There was no denial within one month from the date of the receipt of the notice and that the payment was not made immediately on the first day of appearance on receipt of the notice from the court. He disputed the standard rent in written statement. Later he made an offer to pay the entire arrears and the offer was not accepted. From these facts this Court held that unless he disputes within one month from the date of the receipt of the notice and files an application under Section 11(3) he was not entitled to the benefit under Section 12(3)(a).

4.The Act is a welfare legislation interposing between the contractual rights of the landlord and tenant and regulating the letting of the buildings and determination of the standard rent and permitted increases in accordance with the Act. The tenant is obligated to pay the rent to the landlord every month unless the landlord refuses to receive it. In the latter event recourse can be had to deposit the rent. Some statutes provide the procedure for deposit in the Court of the Rent Controller after following the procedure prescribed therein. If the tenant commits default in the payment of the rent the Act provides that the landlord is entitled to file an application for eviction if the arrears of rent continues for six months and more. The Act also prescribes issuance of a notice determining the tenancy for failure on the part of the tenant to pay the arrears of standard rent or permitted increases for six months and more and for delivery of possession. In case the tenant disputes the standard rent or permitted increases claimed in the notice, the tenant is enjoined under Section 12(3)(a) to dispute the correctness thereof and to plead prevailing one by issuing reply notice within one month from the date of its receipt. In that situation it is manifest that the landlord elected his statutory right to determine the tenancy on account of arrears for a period of six months or more. The landlord put the tenant on notice of his negligence and to make payment thereof within one month from the date of the receipt of the notice and on disputation is enjoined to seek remedy under Section 11 (3) for determination of the standard rent or permitted increases.

If he fails to dispute and omits to pay the arrears within one month from the date of the receipt of the notice, he becomes liable to be evicted under 269 Section 12(3)(a) of the Act. Admittedly the statute did not prescribe any period of limitation under Section 11(3) to lay the application for fixation of standard rent or permitted increases.
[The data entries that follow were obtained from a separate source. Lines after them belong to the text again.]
Lemma cube_vertexP b : vertices cube b <-> exists v, b = cube_vertex v.
Proof.
split=> [b_vert | [v ->]].
  have [y y01 bE] := b_vert.1.
  have [y_bool | /forallPn[i]] := boolP [forall i, (y i == 0) || (y i == 1)].
    exists [ffun i => y i == 1]; rewrite bE; apply: eq_cube_belief => i.
    rewrite ffunE; case/orP: (forallP y_bool i) => /eqP ->; rewrite ?eqxx //.
    by rewrite eq_sym oner_eq0.
  rewrite negb_or => /andP[/eqP yi_neq0 /eqP yi_neq1]; exfalso.
  pose round (r : R) j := if j == i then r else y j.
  have round01 r : 0 <= r <= 1 -> cube (cube_belief (round r)).
    by move=> r01; exists (round r) => // j; rewrite /round; case: ifP.
  have round_neq r : r != y i -> cube_belief (round r) <> b.
    by move=> /eqP ri; rewrite bE => /cube_belief_inj/(_ i); rewrite /round eqxx.
  apply: (convex2_not_vertex (y01 i) (round01 1 _) (round01 0 _)) b_vert.
  - by rewrite lexx ler01.
  - by rewrite lexx ler01.
  - by apply: round_neq; apply/eqP => /esym.
  - by apply: round_neq; apply/eqP => /esym.
  move=> [[j c]|]; rewrite bE !ffunE /round ?mulr0 ?addr0 //.
  by case: eqVneq => [->|_]; case: c; ring.
split.
  by exists (fun i => (v i)%:R) => // i; case: (v i); rewrite ?lexx ?ler01.
case=> k [w [x [w_ge0 [w_sum1 [x_cube bE]]]]].
have [t /andP[_ wt_gt0]] : exists t, true && (0 < w t).
  by apply: psumr_neq0P => [t _|]; rewrite ?w_sum1; [exact: w_ge0 | exact/eqP/oner_neq0].
apply: (x_cube t).2; rewrite (cube_coordK (x_cube t).1).
apply: eq_cube_belief => i.
apply: (convex_comb_extreme01 (y := fun s => cube_coord (x s) i) w_ge0 w_sum1) => //.
  by move=> s; apply: cube_coord01; exact: (x_cube s).1.
rewrite -(cube_coord_belief (fun i => (v i)%:R) i) /cube_coord bE mulr_sumr.
by apply: eq_bigr => s _; rewrite mulrCA.
Qed.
Therefore, by necessary construction of Sections 11 and 12, what this Court appears to have intended was that the tenant should dispute the standard rent or permitted increases within one month from the date of the receipt of the notice and then file the application under Section 11(3). It would not appear to have been meant that the application under Section 11(3) should also be filed within one month from the date of the receipt of the notice. But expeditious action is called for to prove the bona fides of the tenant disputing the right of the landlord in the claim of standard rent or permitted increases. The Act appears to have intended to quench thirst of the avaricious landlord to claim the rent in excess of the standard rent or permitted increases under the Act and at the same time obligated the tenant, in case of his dispute or disagreement, to have the statutory recourse for determining standard rent or permitted increases.
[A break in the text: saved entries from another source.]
Lemma loc_ker_pure_sub p m :
  prime_ideal p -> Defs.proper_ideal m -> p `<=` m -> pure_ideal (loc_ker p) ->
  loc_ker m = loc_ker p.
Proof.
move=> pp mproper pm pure; apply/funext => a; apply/propext; split.
  by move=> /loc_kerP [u mu ua]; apply/loc_kerP; exists u => // /pm.
move=> Ka; have [g [Kg ag]] := pure a Ka; apply/loc_kerP; exists (1 - g).
  by apply: proper_ideal_1B => //; apply/pm/(loc_ker_sub pp).
by rewrite mulrC.
Qed.

End MinimalPrimes.

Section PrimaryKernels.
Variable R : comPzRingType.
Hypothesis loc_ker_max_primary :
  forall m : set R, maximal_ideal m -> primary_ideal (loc_ker m).
Implicit Types (I p : set R) (f x : R).

Lemma Ann_comaximal f x I :
  is_ideal I -> x * f = 0 -> (forall v n, v * x ^+ n = 0 -> I v) ->
  ideal_add (Ann f) I 1.
Proof.
move=> Iideal xf xI; apply: contrapT => J1.
have [m mmax Jm] := ideal_sub_maximal (is_ideal_add (is_ideal_Ann f) Iideal) J1.
have [_ Kprimary] := loc_ker_max_primary mmax.
have [[_ m1] _] := maximal_prime mmax.
have [||n /loc_kerP [v mv vxn]] := Kprimary f x.
- by apply/loc_kerP; exists 1; rewrite // mul1r mulrC.
- move=> /loc_kerP [u mu uf]; apply: mu; apply: Jm.
  by exists u; rewrite // subrr; case: Iideal.
- by apply: mv; apply: Jm; exists 0; rewrite /Ann ?mul0r ?subr0 //; apply: xI vxn.
Qed.

Lemma quasi_pf_of_loc_ker_primary : quasi_pf_ring R.
Proof.
move=> f x xf.
have [|g gf xg] := Ann_comaximal (is_ideal_nilpotentM x) xf; last by exists g.
move=> v n vxn; exists n.+1.
have -> : (x * v) ^+ n.+1 = v * x ^+ n * (x * v ^+ n) by rewrite exprMn !exprS; ring.
by rewrite vxn mul0r.
Qed.

Lemma pure_loc_ker p : prime_ideal p -> pure_ideal (loc_ker p).
Proof.
move=> pp a /loc_kerP [u pu ua].
have [|g ga Kg] := Ann_comaximal (loc_ker_ideal pp) ua.
  move=> v n vun; apply/loc_kerP; exists (u ^+ n); first exact: prime_nexp.
  by rewrite mulrC.
by exists (1 - g); rewrite subKr mulrC.
Qed.

End PrimaryKernels.

Theorem theorem4p1 (R : comPzRingType) :
  [<-> quasi_pf_ring R;
       forall p : R -> Prop, prime_ideal p -> localization_primary p;
       forall m : R -> Prop, maximal_ideal m -> localization_primary m;
       forall p : R -> Prop, minimal_prime p -> pure_ideal (loc_ker p);
       forall m : R -> Prop, maximal_ideal m -> primary_ideal (loc_ker m)].
Proof.
tfae.
- move=> qpf p pp; apply/localization_primaryE => //.
  exact: quasi_pf_loc_ker_primary.
- by move=> lp m /maximal_prime; apply: lp.
- move=> lm p [pp _]; apply: pure_loc_ker => // m mm.
  by apply/localization_primaryE; [apply: maximal_prime | apply: lm].
- move=> pure m mm; have pm := maximal_prime mm.
  have [p [pp pm_sub pnil]] := exists_loc_nil_prime_sub pm.
  rewrite (loc_ker_pure_sub pp pm.1 pm_sub (pure _ (loc_nil_minimal pp pnil))).
  exact: loc_nil_primary.
- exact: quasi_pf_of_loc_ker_primary.
Qed.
Therefore, expeditious action had to be had before the receipt of the notice from the court which would indicate not only bona fides on the part of the tenant in resisting the claim for excess standard rent or permitted increases but also to have his right to pay the standard rent or permitted increases determined according to law.
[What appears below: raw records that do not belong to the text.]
(* Let $D=[0,1]^2\setminus\{(0,0),(1,1)\}$. A function $J\colon D\to[0,1]$ is an involutive Jamesian function if and only if it satisfies the following three conditions: (i) $J(a,J(a,b))=b$ for all $0<a<1$ and $0\le b\le 1$; (ii) $J(b,a)=1-J(a,b)$ for all $(a,b)\in D$; (iii) $J(a,b)$ is a non-decreasing function of $a$ for each $0\le b\le 1$ and a strictly increasing function of $a$ for each $0<b<1$.
   Context: Let $D=[0,1]^2\setminus\{(0,0),(1,1)\}$. A function $J\colon D\to\mathbb{R}$ is called Jamesian if it satisfies, for all $(a,b)\in D$: (a) $J(a,\tfrac12)=a$; (b) $J(a,0)=1$ for $0<a\le 1$; (c) $J(b,a)=1-J(a,b)$; (d) $J(1-b,1-a)=J(a,b)$; (e) $J(a,b)$ is a non-decreasing function of $a$ for each $0\le b\le 1$ and a strictly increasing function of $a$ for each $0<b<1$. A Jamesian function is called involutive if in addition $J(a,J(a,b))=b$ whenever $0<a<1$ and $0\le b\le 1$. *)

From Stdlib Require Import Reals Lra.
Open Scope R_scope.

Definition inD (a b : R) : Prop :=
  0 <= a <= 1 /\ 0 <= b <= 1 /\ ~ (a = 0 /\ b = 0) /\ ~ (a = 1 /\ b = 1).

Definition J_monotone (J : R -> R -> R) : Prop :=
  (forall b, 0 <= b <= 1 ->
     forall a1 a2, inD a1 b -> inD a2 b -> a1 <= a2 -> J a1 b <= J a2 b) /\
  (forall b, 0 < b < 1 ->
     forall a1 a2, inD a1 b -> inD a2 b -> a1 < a2 -> J a1 b < J a2 b).

(* Only the values of J on D matter. *)
Definition Jamesian (J : R -> R -> R) : Prop :=
  (forall a b, inD a b -> J a (1/2) = a) /\
  (forall a, 0 < a <= 1 -> J a 0 = 1) /\
  (forall a b, inD a b -> J b a = 1 - J a b) /\
  (forall a b, inD a b -> J (1 - b) (1 - a) = J a b) /\
  J_monotone J.

Definition involutive_Jamesian (J : R -> R -> R) : Prop :=
  Jamesian J /\
  (forall a b, 0 < a < 1 -> 0 <= b <= 1 -> J a (J a b) = b).

(** The swap rule [J(b,a) = 1 - J(a,b)] forces [J(a,a) = 1/2], and the
    involution at [a] then gives [J(a,1/2) = a].  Monotonicity in [a] together
    with the swap rule makes [J(a,.)] non-increasing, so the involution must
    exchange the endpoints: [J(a,0) = 1] and [J(a,1) = 0]; the swap rule
    propagates these values to the edges of the square.  On the open square,
    swap followed by involution gives [J(b, 1 - J(a,b)) = a]; applying this
    three times rotates [(a, b)] to [(1-a, 1-b)] and yields the reflection
    symmetry [J(1-b,1-a) = J(a,b)]. *)

From Stdlib Require Import Reals Lra.
Open Scope R_scope.

Lemma inD_intro (a b : R) :
  0 <= a <= 1 -> 0 <= b <= 1 -> (0 < a \/ 0 < b) -> (a < 1 \/ b < 1) -> inD a b.
Proof. intros; unfold inD; repeat split; try lra; intros [? ?]; lra. Qed.

Lemma inD_bounds (a b : R) : inD a b -> 0 <= a <= 1 /\ 0 <= b <= 1.
Proof. unfold inD; tauto. Qed.

Ltac solve_inD := apply inD_intro; lra.

Section InvolutiveSwapMonotone.

Variable J : R -> R -> R.

Hypothesis J_bounded : forall a b, inD a b -> 0 <= J a b <= 1.
Hypothesis J_invol : forall a b, 0 < a < 1 -> 0 <= b <= 1 -> J a (J a b) = b.
Hypothesis J_swap : forall a b, inD a b -> J b a = 1 - J a b.
Hypothesis J_nondecr : forall b, 0 <= b <= 1 ->
  forall a1 a2, inD a1 b -> inD a2 b -> a1 <= a2 -> J a1 b <= J a2 b.

Lemma J_diag (a : R) : 0 < a < 1 -> J a a = 1 / 2.
Proof. intros Ha; assert (h := J_swap a a ltac:(solve_inD)); lra. Qed.

Lemma J_antitone_snd (a b1 b2 : R) :
  0 < a < 1 -> 0 <= b1 -> b1 <= b2 -> b2 <= 1 -> J a b2 <= J a b1.
Proof.
  intros Ha ? ? ?.
  assert (h1 := J_swap a b1 ltac:(solve_inD)).
  assert (h2 := J_swap a b2 ltac:(solve_inD)).
  assert (h3 := J_nondecr a ltac:(lra) b1 b2 ltac:(solve_inD) ltac:(solve_inD) ltac:(lra)).
  lra.
Qed.

Lemma J_inner_zero (a : R) : 0 < a < 1 -> J a 0 = 1.
Proof.
  intros Ha.
  assert (h := J_invol a 1 Ha ltac:(lra)).
  assert (b1 := J_bounded a 1 ltac:(solve_inD)).
  assert (b0 := J_bounded a 0 ltac:(solve_inD)).
  assert (d := J_antitone_snd a 0 (J a 1) Ha ltac:(lra) ltac:(lra) ltac:(lra)).
  lra.
Qed.

Lemma J_inner_one (a : R) : 0 < a < 1 -> J a 1 = 0.
Proof.
  intros Ha.
  assert (h := J_invol a 0 Ha ltac:(lra)).
  assert (b0 := J_bounded a 0 ltac:(solve_inD)).
  assert (b1 := J_bounded a 1 ltac:(solve_inD)).
  assert (d := J_antitone_snd a (J a 0) 1 Ha ltac:(lra) ltac:(lra) ltac:(lra)).
  lra.
Qed.

Lemma J_one_zero : J 1 0 = 1.
Proof.
  assert (h := J_nondecr 0 ltac:(lra) (1 / 2) 1 ltac:(solve_inD) ltac:(solve_inD) ltac:(lra)).
  assert (e := J_inner_zero (1 / 2) ltac:(lra)).
  assert (b := J_bounded 1 0 ltac:(solve_inD)).
  lra.
Qed.

Lemma J_zero_right (a : R) : 0 < a <= 1 -> J a 0 = 1.
Proof.
  intros Ha; destruct (Req_dec a 1) as [->|]; [exact J_one_zero|].
  apply J_inner_zero; lra.
Qed.

Lemma J_one_right (a : R) : 0 <= a < 1 -> J a 1 = 0.
Proof.
  intros Ha; destruct (Req_dec a 0) as [->|].
  - assert (h := J_swap 1 0 ltac:(solve_inD)); rewrite J_one_zero in h; lra.
  - apply J_inner_one; lra.
Qed.

Lemma J_zero_left (b : R) : 0 < b <= 1 -> J 0 b = 0.
Proof.
  intros Hb; assert (h := J_swap b 0 ltac:(solve_inD)).
  rewrite (J_zero_right b Hb) in h; lra.
Qed.

Lemma J_one_left (b : R) : 0 <= b < 1 -> J 1 b = 1.
Proof.
  intros Hb; assert (h := J_swap b 1 ltac:(solve_inD)).
  rewrite (J_one_right b Hb) in h; lra.
Qed.

Lemma J_half (a : R) : 0 <= a <= 1 -> J a (1 / 2) = a.
Proof.
  intros Ha.
  destruct (Req_dec a 0) as [->|a0]; [apply J_zero_left; lra|].
  destruct (Req_dec a 1) as [->|a1]; [apply J_one_left; lra|].
  rewrite <- (J_diag a) at 1 by lra. apply J_invol; lra.
Qed.

Lemma J_open_square (a b : R) : 0 < a < 1 -> 0 < b < 1 -> 0 < J a b < 1.
Proof.
  intros Ha Hb.
  assert (bd := J_bounded a b ltac:(solve_inD)).
  assert (h := J_invol a b Ha ltac:(lra)).
  destruct (Req_dec (J a b) 0) as [e|n0].
  { rewrite e, (J_inner_zero a Ha) in h; lra. }
  destruct (Req_dec (J a b) 1) as [e|n1].
  { rewrite e, (J_inner_one a Ha) in h; lra. }
  lra.
Qed.

Lemma J_rotate (a b : R) : 0 < a < 1 -> 0 < b < 1 -> J b (1 - J a b) = a.
Proof.
  intros Ha Hb; rewrite <- (J_swap a b) by solve_inD; apply J_invol; lra.
Qed.

Lemma J_reflect (a b : R) : inD a b -> J (1 - b) (1 - a) = J a b.
Proof.
  intros Hab; destruct Hab as (Ha & Hb & N0 & N1).
  destruct (Req_dec a 0) as [->|a0].
  { assert (b <> 0) by (intro; apply N0; split; auto).
    rewrite J_zero_left, Rminus_0_r, J_one_right by lra; reflexivity. }
  destruct (Req_dec a 1) as [->|a1].
  { assert (b <> 1) by (intro; apply N1; split; auto).
    rewrite J_one_left, Rminus_diag, J_zero_right by lra; reflexivity. }
  destruct (Req_dec b 0) as [->|b0].
  { rewrite J_zero_right, Rminus_0_r, J_one_left by lra; reflexivity. }
  destruct (Req_dec b 1) as [->|b1].
  { rewrite J_one_right, Rminus_diag, J_zero_left by lra; reflexivity. }
  set (c := J a b).
  assert (Hc : 0 < c < 1) by (apply J_open_square; lra).
  assert (r1 : J b (1 - c) = a) by (apply J_rotate; lra).
  assert (r2 : J (1 - c) (1 - a) = b)
    by (rewrite <- r1 at 1; apply J_rotate; lra).
  assert (r3 : J (1 - a) (1 - b) = 1 - c)
    by (rewrite <- r2 at 1; apply J_rotate; lra).
  assert (h := J_swap (1 - b) (1 - a) ltac:(solve_inD)); lra.
Qed.

End InvolutiveSwapMonotone.

Theorem proposition5p1 (J : R -> R -> R)
  (HJ01 : forall a b, inD a b -> 0 <= J a b <= 1) :
  involutive_Jamesian J <->
  ((forall a b, 0 < a < 1 -> 0 <= b <= 1 -> J a (J a b) = b) /\
   (forall a b, inD a b -> J b a = 1 - J a b) /\
   J_monotone J).
Proof.
  split.
  - intros [(_ & _ & Hswap & _ & Hmono) Hinv]; tauto.
  - intros (Hinv & Hswap & Hmono).
    pose proof (proj1 Hmono) as Hnondecr.
    split; [|exact Hinv].
    split; [|split; [|split; [|split]]].
    + intros a b Hab; apply (J_half J HJ01 Hinv Hswap Hnondecr).
      exact (proj1 (inD_bounds a b Hab)).
    + exact (J_zero_right J HJ01 Hinv Hswap Hnondecr).
    + exact Hswap.
    + exact (J_reflect J HJ01 Hinv Hswap Hnondecr).
    + exact Hmono.
Qed.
5.Accordingly, we hold that this case does not fall under Section 12(3)(a) but it squarely falls under Section 12(3)(b). Since the tenant has paid all the arrears on the first day of the appearance and has been continuing to deposit the rent regularly, he did not commit any default to pay the rent and thereby the landlord is not entitled to ejectment by operation of Section 12 of the Act. The appeal is accordingly dismissed with costs which is quantified at Rs 5000.